PROBLEM DETAILS: Among the entries below, find each line holding "mono" and return it.

RECORDS FOR THIS EXERCISE:

(* Let $a_1,b_1,a'_1,b'_1,a_2,b_2,a'_2,b'_2\ge 0$ be such that the vectors $v_1=(a'_1-a_1,\,b'_1-b_1)$ and $v_2=(a'_2-a_2,\,b'_2-b_2)$ are linearly independent, and let $\epsilon\in(0,1)$. For rate functions $k_1(t),k_2(t),k_3(t),k_4(t)$ consider the system on $\mathbb{R}^2_{>0}$ $$\begin{pmatrix}\dot x\\ \dot y\end{pmatrix}=\big(k_1(t)x^{a_1}y^{b_1}-k_2(t)x^{a'_1}y^{b'_1}\big)v_1+\big(k_3(t)x^{a_2}y^{b_2}-k_4(t)x^{a'_2}y^{b'_2}\big)v_2 .$$ Consider the curves $\mathcal{C}_1: x^{a'_1-a_1}y^{b'_1-b_1}=\frac{1}{\epsilon^2}$, $\mathcal{C}_2: x^{a'_1-a_1}y^{b'_1-b_1}=\epsilon^2$, $\mathcal{C}_3: x^{a'_2-a_2}y^{b'_2-b_2}=\epsilon^2$, $\mathcal{C}_4: x^{a'_2-a_2}y^{b'_2-b_2}=\frac{1}{\epsilon^2}$ in $\mathbb{R}^2_{>0}$, and let $A=\mathcal{C}_2\cap\mathcal{C}_4$, $B=\mathcal{C}_1\cap\mathcal{C}_4$, $C=\mathcal{C}_1\cap\mathcal{C}_3$, $D=\mathcal{C}_2\cap\mathcal{C}_3$ (each a single point). Let $\mathbf{x}(t)$ be a solution with $\mathbf{x}(0)\in\mathbb{R}^2_{>0}$. Then: (i) if $k_1\equiv\epsilon,k_2\equiv\frac1\epsilon,k_3\equiv\frac1\epsilon,k_4\equiv\epsilon$, then $\lim_{t\to\infty}\mathbf{x}(t)=A$; (ii) if $k_1\equiv\frac1\epsilon,k_2\equiv\epsilon,k_3\equiv\frac1\epsilon,k_4\equiv\epsilon$, then $\lim_{t\to\infty}\mathbf{x}(t)=B$; (iii) if $k_1\equiv\frac1\epsilon,k_2\equiv\epsilon,k_3\equiv\epsilon,k_4\equiv\frac1\epsilon$, then $\lim_{t\to\infty}\mathbf{x}(t)=C$; (iv) if $k_1\equiv\epsilon,k_2\equiv\frac1\epsilon,k_3\equiv\epsilon,k_4\equiv\frac1\epsilon$, then $\lim_{t\to\infty}\mathbf{x}(t)=D$.
   Context: The system is the mass-action system of the reaction network $a_1X+b_1Y\rightleftharpoons a'_1X+b'_1Y$ (forward rate $k_1$, backward rate $k_2$) and $a_2X+b_2Y\rightleftharpoons a'_2X+b'_2Y$ (forward rate $k_3$, backward rate $k_4$); in the variable-$k$ setting the rates are allowed to vary in time with values in $[\epsilon,1/\epsilon]$, here they are fixed constants. *)

From Stdlib Require Import Reals.
From Coquelicot Require Import Coquelicot.
Open Scope R_scope.

Definition mono (x y a b : R) : R := Rpower x a * Rpower y b.

Definition lin_indep2 (u1 u2 w1 w2 : R) : Prop :=
  forall c d : R, c * u1 + d * w1 = 0 -> c * u2 + d * w2 = 0 -> c = 0 /\ d = 0.

(* Reaction rates of the two reversible reactions
   a1 X + b1 Y <-> a1' X + b1' Y  (k1, k2),  a2 X + b2 Y <-> a2' X + b2' Y  (k3, k4). *)
Definition flux1 (a1 b1 a1' b1' k1 k2 x y : R) : R :=
  k1 * mono x y a1 b1 - k2 * mono x y a1' b1'.

Definition is_solution (a1 b1 a1' b1' a2 b2 a2' b2' k1 k2 k3 k4 : R)
    (x y : R -> R) : Prop :=
  (forall t, 0 <= t -> 0 < x t /\ 0 < y t) /\
  (forall t, 0 < t ->
     is_derive x t (flux1 a1 b1 a1' b1' k1 k2 (x t) (y t) * (a1' - a1)
                  + flux1 a2 b2 a2' b2' k3 k4 (x t) (y t) * (a2' - a2)) /\
     is_derive y t (flux1 a1 b1 a1' b1' k1 k2 (x t) (y t) * (b1' - b1)
                  + flux1 a2 b2 a2' b2' k3 k4 (x t) (y t) * (b2' - b2))).

Definition converges_to_intersection (a1 b1 a1' b1' a2 b2 a2' b2' c1 c2 : R)
    (x y : R -> R) : Prop :=
  exists p q : R, 0 < p /\ 0 < q /\
    mono p q (a1' - a1) (b1' - b1) = c1 /\
    mono p q (a2' - a2) (b2' - b2) = c2 /\
    is_lim x p_infty p /\ is_lim y p_infty q.

From Stdlib Require Import Reals Lra Psatz Classical.
From Coquelicot Require Import Coquelicot.
Open Scope R_scope.

(* Work in the logarithmic gaps [u = ln x - ln xs], [w = ln y - ln ys] to the positive
   equilibrium [(xs, ys)] at which each reaction is balanced, [k1 x^a1 y^b1 = k2 x^a1' y^b1']
   and [k3 x^a2 y^b2 = k4 x^a2' y^b2']; linear independence of the reaction vectors makes it
   unique. The free energy [G = xs h(u) + ys h(w)], [h(u) = e^u (u - 1) + 1], is a Lyapunov
   function: [G' = - sum_i P_i (e^phi_i - 1) phi_i <= 0], where [P_i > 0] is the forward rate
   of reaction [i] and [phi_i] the log-ratio of its backward and forward rates. Hence [u] and [w] are bounded above.
   They are bounded below by a barrier argument: once both gaps cannot be very negative
   simultaneously (which [G] rules out), a very negative gap in [x] with a bounded gap in
   [y] forces [x' > 0], and symmetrically. On the resulting compact region [G] and [-G'] are
   both comparable to [u^2 + w^2], so [G' <= - c G], [G] decays to [0] and the solution
   converges to [(xs, ys)]. In the four cases [k1/k2] and [k3/k4] are [eps^2] or [/eps^2],
   which puts [(xs, ys)] at [A], [B], [C] or [D]. *)

Lemma exp_le_exp x y : x <= y -> exp x <= exp y.
Proof.
  intros [Hlt | ->]; [now apply Rlt_le, exp_increasing | apply Rle_refl].
Qed.

Lemma exp_mul_exp_opp u : exp u * exp (- u) = 1.
Proof. rewrite <- exp_plus, Rplus_opp_r. apply exp_0. Qed.

Lemma is_derive_continuity_pt (f : R -> R) x l : is_derive f x l -> continuity_pt f x.
Proof.
  intros Hf. apply continuity_pt_filterlim.
  apply (ex_derive_continuous (K := R_AbsRing) (V := R_NormedModule)).
  now exists l.
Qed.

Lemma MVT_closed (f df : R -> R) a b : a <= b ->
  (forall t, a <= t <= b -> is_derive f t (df t)) ->
  exists c, a <= c <= b /\ f b - f a = df c * (b - a).
Proof.
  intros Hab Hd.
  destruct (MVT_gen f a b df) as [c [Hc E]];
    rewrite ?Rmin_left, ?Rmax_right in * by lra.
  - intros t Ht. apply Hd. lra.
  - intros t Ht. apply (is_derive_continuity_pt _ _ (df t)), Hd. lra.
  - now exists c.
Qed.

Lemma diff_le_of_derive_le (f df : R -> R) a b M : a <= b ->
  (forall t, a <= t <= b -> is_derive f t (df t)) ->
  (forall t, a <= t <= b -> df t <= M) -> f b - f a <= M * (b - a).
Proof.
  intros Hab Hd HM. destruct (MVT_closed f df a b Hab Hd) as [c [Hc ->]].
  apply Rmult_le_compat_r; [lra | now apply HM].
Qed.

Lemma diff_ge_of_derive_ge (f df : R -> R) a b m : a <= b ->
  (forall t, a <= t <= b -> is_derive f t (df t)) ->
  (forall t, a <= t <= b -> m <= df t) -> m * (b - a) <= f b - f a.
Proof.
  intros Hab Hd Hm. destruct (MVT_closed f df a b Hab Hd) as [c [Hc ->]].
  apply Rmult_le_compat_r; [lra | now apply Hm].
Qed.

Lemma lt_of_derive_pos (f df : R -> R) a b : a < b ->
  (forall t, a <= t <= b -> is_derive f t (df t)) ->
  (forall t, a <= t <= b -> 0 < df t) -> f a < f b.
Proof.
  intros Hab Hd Hpos. destruct (MVT_closed f df a b ltac:(lra) Hd) as [c [Hc E]].
  specialize (Hpos c Hc). nra.
Qed.

Lemma nonincreasing_of_derive_nonpos (f df : R -> R) t0 :
  (forall t, t0 <= t -> is_derive f t (df t)) -> (forall t, t0 <= t -> df t <= 0) ->
  forall s t, t0 <= s <= t -> f t <= f s.
Proof.
  intros Hd Hneg s t Hst.
  pose proof (diff_le_of_derive_le f df s t 0 ltac:(lra)
    (fun r Hr => Hd r ltac:(lra)) (fun r Hr => Hneg r ltac:(lra))).
  lra.
Qed.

RESPONSE TO THIS EXERCISE:
Definition mono (x y a b : R) : R := Rpower x a * Rpower y b.
  k1 * mono x y a1 b1 - k2 * mono x y a1' b1'.
    mono p q (a1' - a1) (b1' - b1) = c1 /\
    mono p q (a2' - a2) (b2' - b2) = c2 /\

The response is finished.